TASK TO COMPLETE:
A line below contains "as, for [i <>", and a later one contains "rewrite (bigD1 i) //= lv_e_coord". Repeat both, with every line between them, exactly.

-- LISTED RECORDS follows --

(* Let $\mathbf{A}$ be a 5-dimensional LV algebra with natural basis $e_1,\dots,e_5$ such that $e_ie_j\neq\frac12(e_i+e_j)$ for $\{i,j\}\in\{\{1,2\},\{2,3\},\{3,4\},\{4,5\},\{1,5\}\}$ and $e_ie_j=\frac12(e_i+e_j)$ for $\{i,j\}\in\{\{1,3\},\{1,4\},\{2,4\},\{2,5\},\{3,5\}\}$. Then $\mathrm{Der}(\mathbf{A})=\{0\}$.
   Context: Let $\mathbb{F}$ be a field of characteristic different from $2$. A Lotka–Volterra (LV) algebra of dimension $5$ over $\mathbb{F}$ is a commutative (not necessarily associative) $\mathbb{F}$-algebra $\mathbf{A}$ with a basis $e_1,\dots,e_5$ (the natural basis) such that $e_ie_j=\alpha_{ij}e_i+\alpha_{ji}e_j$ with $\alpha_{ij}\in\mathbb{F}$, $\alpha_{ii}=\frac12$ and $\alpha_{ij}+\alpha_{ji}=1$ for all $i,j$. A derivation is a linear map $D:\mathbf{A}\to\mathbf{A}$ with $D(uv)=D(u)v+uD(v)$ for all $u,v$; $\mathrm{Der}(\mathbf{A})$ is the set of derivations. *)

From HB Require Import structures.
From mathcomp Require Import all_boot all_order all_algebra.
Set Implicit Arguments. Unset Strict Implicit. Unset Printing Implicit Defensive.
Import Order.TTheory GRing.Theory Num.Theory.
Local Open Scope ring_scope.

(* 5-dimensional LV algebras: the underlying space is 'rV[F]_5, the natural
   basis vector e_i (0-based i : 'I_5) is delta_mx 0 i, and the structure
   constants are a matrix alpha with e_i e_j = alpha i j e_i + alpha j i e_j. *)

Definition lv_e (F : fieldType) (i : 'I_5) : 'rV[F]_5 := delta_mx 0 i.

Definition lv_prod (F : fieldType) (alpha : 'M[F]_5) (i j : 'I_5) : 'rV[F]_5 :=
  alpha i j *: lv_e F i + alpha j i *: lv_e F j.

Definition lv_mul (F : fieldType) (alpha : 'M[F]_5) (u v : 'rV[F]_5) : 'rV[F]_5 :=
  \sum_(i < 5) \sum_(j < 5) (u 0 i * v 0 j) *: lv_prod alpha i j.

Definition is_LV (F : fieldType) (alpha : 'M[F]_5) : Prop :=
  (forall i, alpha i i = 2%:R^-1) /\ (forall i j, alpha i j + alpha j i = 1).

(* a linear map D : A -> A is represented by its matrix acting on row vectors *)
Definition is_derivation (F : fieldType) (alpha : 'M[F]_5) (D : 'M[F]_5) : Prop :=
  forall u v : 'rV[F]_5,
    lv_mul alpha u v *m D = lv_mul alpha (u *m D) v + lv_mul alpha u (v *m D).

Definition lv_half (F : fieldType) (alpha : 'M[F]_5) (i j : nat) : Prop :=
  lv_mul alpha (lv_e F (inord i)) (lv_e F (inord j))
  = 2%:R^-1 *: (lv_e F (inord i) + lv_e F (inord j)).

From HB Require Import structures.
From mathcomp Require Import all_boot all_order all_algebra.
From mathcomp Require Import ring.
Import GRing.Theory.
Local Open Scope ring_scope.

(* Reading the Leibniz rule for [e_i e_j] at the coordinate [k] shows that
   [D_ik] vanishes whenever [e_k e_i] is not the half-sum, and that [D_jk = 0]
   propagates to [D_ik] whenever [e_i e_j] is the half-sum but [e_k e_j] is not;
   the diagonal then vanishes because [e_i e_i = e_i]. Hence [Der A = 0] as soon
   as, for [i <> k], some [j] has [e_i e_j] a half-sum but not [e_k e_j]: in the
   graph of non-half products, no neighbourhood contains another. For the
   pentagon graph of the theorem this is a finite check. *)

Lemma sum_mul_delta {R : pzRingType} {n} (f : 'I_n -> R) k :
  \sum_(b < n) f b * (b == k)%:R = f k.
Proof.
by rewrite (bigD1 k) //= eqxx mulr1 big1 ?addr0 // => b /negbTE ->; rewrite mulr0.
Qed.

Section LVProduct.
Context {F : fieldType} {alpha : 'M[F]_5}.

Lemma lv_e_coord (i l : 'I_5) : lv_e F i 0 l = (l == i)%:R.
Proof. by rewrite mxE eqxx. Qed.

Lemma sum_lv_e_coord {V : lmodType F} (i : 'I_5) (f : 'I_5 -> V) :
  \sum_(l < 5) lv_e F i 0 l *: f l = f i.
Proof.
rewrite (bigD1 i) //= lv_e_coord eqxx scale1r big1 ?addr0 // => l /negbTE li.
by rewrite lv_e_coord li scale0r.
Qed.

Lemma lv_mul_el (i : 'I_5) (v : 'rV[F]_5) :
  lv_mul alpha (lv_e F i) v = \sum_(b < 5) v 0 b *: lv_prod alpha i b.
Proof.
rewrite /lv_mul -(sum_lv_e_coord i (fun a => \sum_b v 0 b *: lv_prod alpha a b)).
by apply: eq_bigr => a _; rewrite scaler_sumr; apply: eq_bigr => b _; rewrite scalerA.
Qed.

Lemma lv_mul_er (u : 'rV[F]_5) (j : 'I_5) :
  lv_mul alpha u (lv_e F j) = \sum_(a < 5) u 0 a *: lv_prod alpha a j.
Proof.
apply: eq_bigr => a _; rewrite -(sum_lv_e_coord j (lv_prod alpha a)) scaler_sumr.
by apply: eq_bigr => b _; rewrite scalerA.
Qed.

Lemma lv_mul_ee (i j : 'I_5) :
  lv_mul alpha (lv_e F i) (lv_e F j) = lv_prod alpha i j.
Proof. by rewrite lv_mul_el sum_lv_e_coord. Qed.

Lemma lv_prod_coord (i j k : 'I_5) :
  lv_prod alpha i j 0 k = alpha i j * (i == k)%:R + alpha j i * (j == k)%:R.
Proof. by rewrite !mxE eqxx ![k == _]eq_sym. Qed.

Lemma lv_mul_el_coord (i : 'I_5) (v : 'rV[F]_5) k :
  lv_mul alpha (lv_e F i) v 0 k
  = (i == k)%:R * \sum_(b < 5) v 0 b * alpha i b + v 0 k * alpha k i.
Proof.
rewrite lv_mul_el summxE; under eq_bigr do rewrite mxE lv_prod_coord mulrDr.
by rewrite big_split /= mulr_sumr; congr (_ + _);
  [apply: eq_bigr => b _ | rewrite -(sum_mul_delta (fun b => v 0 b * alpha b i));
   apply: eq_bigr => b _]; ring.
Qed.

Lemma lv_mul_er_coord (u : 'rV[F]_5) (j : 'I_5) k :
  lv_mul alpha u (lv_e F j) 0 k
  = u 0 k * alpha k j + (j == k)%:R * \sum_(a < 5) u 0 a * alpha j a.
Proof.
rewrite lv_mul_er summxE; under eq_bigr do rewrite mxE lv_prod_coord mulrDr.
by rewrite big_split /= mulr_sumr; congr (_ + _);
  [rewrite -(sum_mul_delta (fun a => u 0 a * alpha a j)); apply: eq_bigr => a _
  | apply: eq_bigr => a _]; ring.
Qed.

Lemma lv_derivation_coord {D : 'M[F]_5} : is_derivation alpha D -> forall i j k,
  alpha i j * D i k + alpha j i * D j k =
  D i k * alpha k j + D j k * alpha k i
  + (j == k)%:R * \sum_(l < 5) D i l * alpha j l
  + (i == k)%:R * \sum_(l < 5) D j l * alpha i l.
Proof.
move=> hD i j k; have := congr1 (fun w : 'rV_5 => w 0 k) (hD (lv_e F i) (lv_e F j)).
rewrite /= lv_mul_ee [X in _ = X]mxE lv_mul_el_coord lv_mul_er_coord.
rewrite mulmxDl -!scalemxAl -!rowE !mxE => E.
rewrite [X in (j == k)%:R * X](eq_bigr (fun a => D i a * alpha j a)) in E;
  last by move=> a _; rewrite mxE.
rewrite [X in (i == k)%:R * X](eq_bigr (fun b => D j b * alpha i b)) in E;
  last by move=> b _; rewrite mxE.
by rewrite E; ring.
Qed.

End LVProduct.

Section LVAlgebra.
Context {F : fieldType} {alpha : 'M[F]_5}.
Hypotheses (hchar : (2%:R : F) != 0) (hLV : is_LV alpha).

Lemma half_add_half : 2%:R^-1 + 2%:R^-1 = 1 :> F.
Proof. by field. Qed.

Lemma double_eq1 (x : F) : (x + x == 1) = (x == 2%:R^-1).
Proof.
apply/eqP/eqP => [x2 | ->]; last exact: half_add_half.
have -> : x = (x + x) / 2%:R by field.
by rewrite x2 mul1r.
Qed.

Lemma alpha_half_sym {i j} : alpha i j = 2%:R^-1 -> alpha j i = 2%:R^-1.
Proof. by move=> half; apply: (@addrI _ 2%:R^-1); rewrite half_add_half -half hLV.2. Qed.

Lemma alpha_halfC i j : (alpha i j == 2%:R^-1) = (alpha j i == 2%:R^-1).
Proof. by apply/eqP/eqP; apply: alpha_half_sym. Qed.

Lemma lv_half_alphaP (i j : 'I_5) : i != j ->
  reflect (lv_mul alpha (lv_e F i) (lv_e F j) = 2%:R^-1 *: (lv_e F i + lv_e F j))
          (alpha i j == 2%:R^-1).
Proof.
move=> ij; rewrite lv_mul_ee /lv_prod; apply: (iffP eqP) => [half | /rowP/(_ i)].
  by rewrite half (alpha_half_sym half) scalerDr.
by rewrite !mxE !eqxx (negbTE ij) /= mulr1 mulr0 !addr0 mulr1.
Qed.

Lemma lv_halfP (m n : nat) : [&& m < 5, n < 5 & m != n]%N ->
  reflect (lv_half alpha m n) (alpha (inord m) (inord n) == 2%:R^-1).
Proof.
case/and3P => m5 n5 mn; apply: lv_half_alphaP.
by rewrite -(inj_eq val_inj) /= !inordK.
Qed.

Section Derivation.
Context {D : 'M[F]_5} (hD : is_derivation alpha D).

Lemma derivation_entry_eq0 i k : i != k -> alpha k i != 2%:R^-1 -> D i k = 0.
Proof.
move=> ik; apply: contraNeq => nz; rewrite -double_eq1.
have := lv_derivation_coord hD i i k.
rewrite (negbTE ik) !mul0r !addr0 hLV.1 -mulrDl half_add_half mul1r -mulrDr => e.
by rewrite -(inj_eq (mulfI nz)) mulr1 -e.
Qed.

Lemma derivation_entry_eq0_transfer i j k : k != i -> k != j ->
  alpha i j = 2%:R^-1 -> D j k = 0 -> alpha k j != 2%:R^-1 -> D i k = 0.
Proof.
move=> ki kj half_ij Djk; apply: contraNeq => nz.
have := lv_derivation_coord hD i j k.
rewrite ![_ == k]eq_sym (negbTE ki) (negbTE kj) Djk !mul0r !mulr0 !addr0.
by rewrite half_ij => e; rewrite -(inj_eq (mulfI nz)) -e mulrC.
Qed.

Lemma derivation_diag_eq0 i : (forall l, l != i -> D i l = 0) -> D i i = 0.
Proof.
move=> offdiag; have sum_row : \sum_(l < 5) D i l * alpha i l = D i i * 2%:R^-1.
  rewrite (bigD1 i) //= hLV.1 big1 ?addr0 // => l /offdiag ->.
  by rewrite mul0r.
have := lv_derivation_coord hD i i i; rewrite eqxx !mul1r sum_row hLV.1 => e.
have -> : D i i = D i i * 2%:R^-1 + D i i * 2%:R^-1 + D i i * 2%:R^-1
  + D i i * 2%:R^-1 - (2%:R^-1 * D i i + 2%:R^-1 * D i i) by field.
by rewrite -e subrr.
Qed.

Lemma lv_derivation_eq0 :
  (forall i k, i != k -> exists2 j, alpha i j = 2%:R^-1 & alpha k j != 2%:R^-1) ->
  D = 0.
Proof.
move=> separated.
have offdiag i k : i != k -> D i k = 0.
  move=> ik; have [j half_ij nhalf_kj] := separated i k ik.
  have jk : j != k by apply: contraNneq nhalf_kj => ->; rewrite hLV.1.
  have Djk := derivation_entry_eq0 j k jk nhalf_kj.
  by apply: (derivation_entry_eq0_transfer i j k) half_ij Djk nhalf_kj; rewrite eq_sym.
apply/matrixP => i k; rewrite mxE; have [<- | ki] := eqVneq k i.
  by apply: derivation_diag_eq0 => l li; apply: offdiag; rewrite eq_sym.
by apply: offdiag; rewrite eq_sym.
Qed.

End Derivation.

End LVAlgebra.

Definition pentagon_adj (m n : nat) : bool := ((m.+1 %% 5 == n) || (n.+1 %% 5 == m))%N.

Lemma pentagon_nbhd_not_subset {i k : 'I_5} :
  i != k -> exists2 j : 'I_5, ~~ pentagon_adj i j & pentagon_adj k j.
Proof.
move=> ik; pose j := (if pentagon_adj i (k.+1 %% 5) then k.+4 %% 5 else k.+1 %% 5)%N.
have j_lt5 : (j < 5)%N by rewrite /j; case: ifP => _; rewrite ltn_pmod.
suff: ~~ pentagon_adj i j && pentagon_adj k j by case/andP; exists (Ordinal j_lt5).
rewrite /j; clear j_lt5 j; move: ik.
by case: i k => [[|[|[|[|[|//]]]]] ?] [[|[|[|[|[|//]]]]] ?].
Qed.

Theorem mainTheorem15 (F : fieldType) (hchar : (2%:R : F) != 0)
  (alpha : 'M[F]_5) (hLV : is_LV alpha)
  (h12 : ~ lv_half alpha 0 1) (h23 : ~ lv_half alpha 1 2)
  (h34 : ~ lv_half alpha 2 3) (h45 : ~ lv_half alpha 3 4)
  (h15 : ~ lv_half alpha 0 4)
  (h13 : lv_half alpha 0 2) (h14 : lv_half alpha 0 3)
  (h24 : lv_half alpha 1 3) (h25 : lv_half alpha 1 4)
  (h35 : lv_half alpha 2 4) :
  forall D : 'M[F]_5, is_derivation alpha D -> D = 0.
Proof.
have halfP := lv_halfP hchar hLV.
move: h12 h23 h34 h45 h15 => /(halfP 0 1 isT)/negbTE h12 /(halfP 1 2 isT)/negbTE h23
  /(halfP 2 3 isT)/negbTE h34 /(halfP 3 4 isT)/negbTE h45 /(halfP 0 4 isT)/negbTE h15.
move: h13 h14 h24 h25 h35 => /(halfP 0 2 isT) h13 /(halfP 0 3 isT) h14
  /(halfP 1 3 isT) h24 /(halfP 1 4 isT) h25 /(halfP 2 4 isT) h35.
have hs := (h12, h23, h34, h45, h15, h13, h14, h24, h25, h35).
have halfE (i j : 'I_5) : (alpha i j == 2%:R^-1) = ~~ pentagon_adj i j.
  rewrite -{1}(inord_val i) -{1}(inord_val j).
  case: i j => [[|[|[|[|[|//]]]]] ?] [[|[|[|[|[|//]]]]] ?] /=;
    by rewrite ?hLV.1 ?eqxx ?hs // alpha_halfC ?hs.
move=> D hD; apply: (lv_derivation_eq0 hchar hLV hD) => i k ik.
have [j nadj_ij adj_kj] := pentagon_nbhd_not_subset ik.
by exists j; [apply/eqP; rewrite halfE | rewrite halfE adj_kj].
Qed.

-- LISTED RECORDS concluded --

SOLUTION BELOW:
   as, for [i <> k], some [j] has [e_i e_j] a half-sum but not [e_k e_j]: in the
   graph of non-half products, no neighbourhood contains another. For the
   pentagon graph of the theorem this is a finite check. *)

Lemma sum_mul_delta {R : pzRingType} {n} (f : 'I_n -> R) k :
  \sum_(b < n) f b * (b == k)%:R = f k.
Proof.
by rewrite (bigD1 k) //= eqxx mulr1 big1 ?addr0 // => b /negbTE ->; rewrite mulr0.
Qed.

Section LVProduct.
Context {F : fieldType} {alpha : 'M[F]_5}.

Lemma lv_e_coord (i l : 'I_5) : lv_e F i 0 l = (l == i)%:R.
Proof. by rewrite mxE eqxx. Qed.

Lemma sum_lv_e_coord {V : lmodType F} (i : 'I_5) (f : 'I_5 -> V) :
  \sum_(l < 5) lv_e F i 0 l *: f l = f i.
Proof.
rewrite (bigD1 i) //= lv_e_coord eqxx scale1r big1 ?addr0 // => l /negbTE li.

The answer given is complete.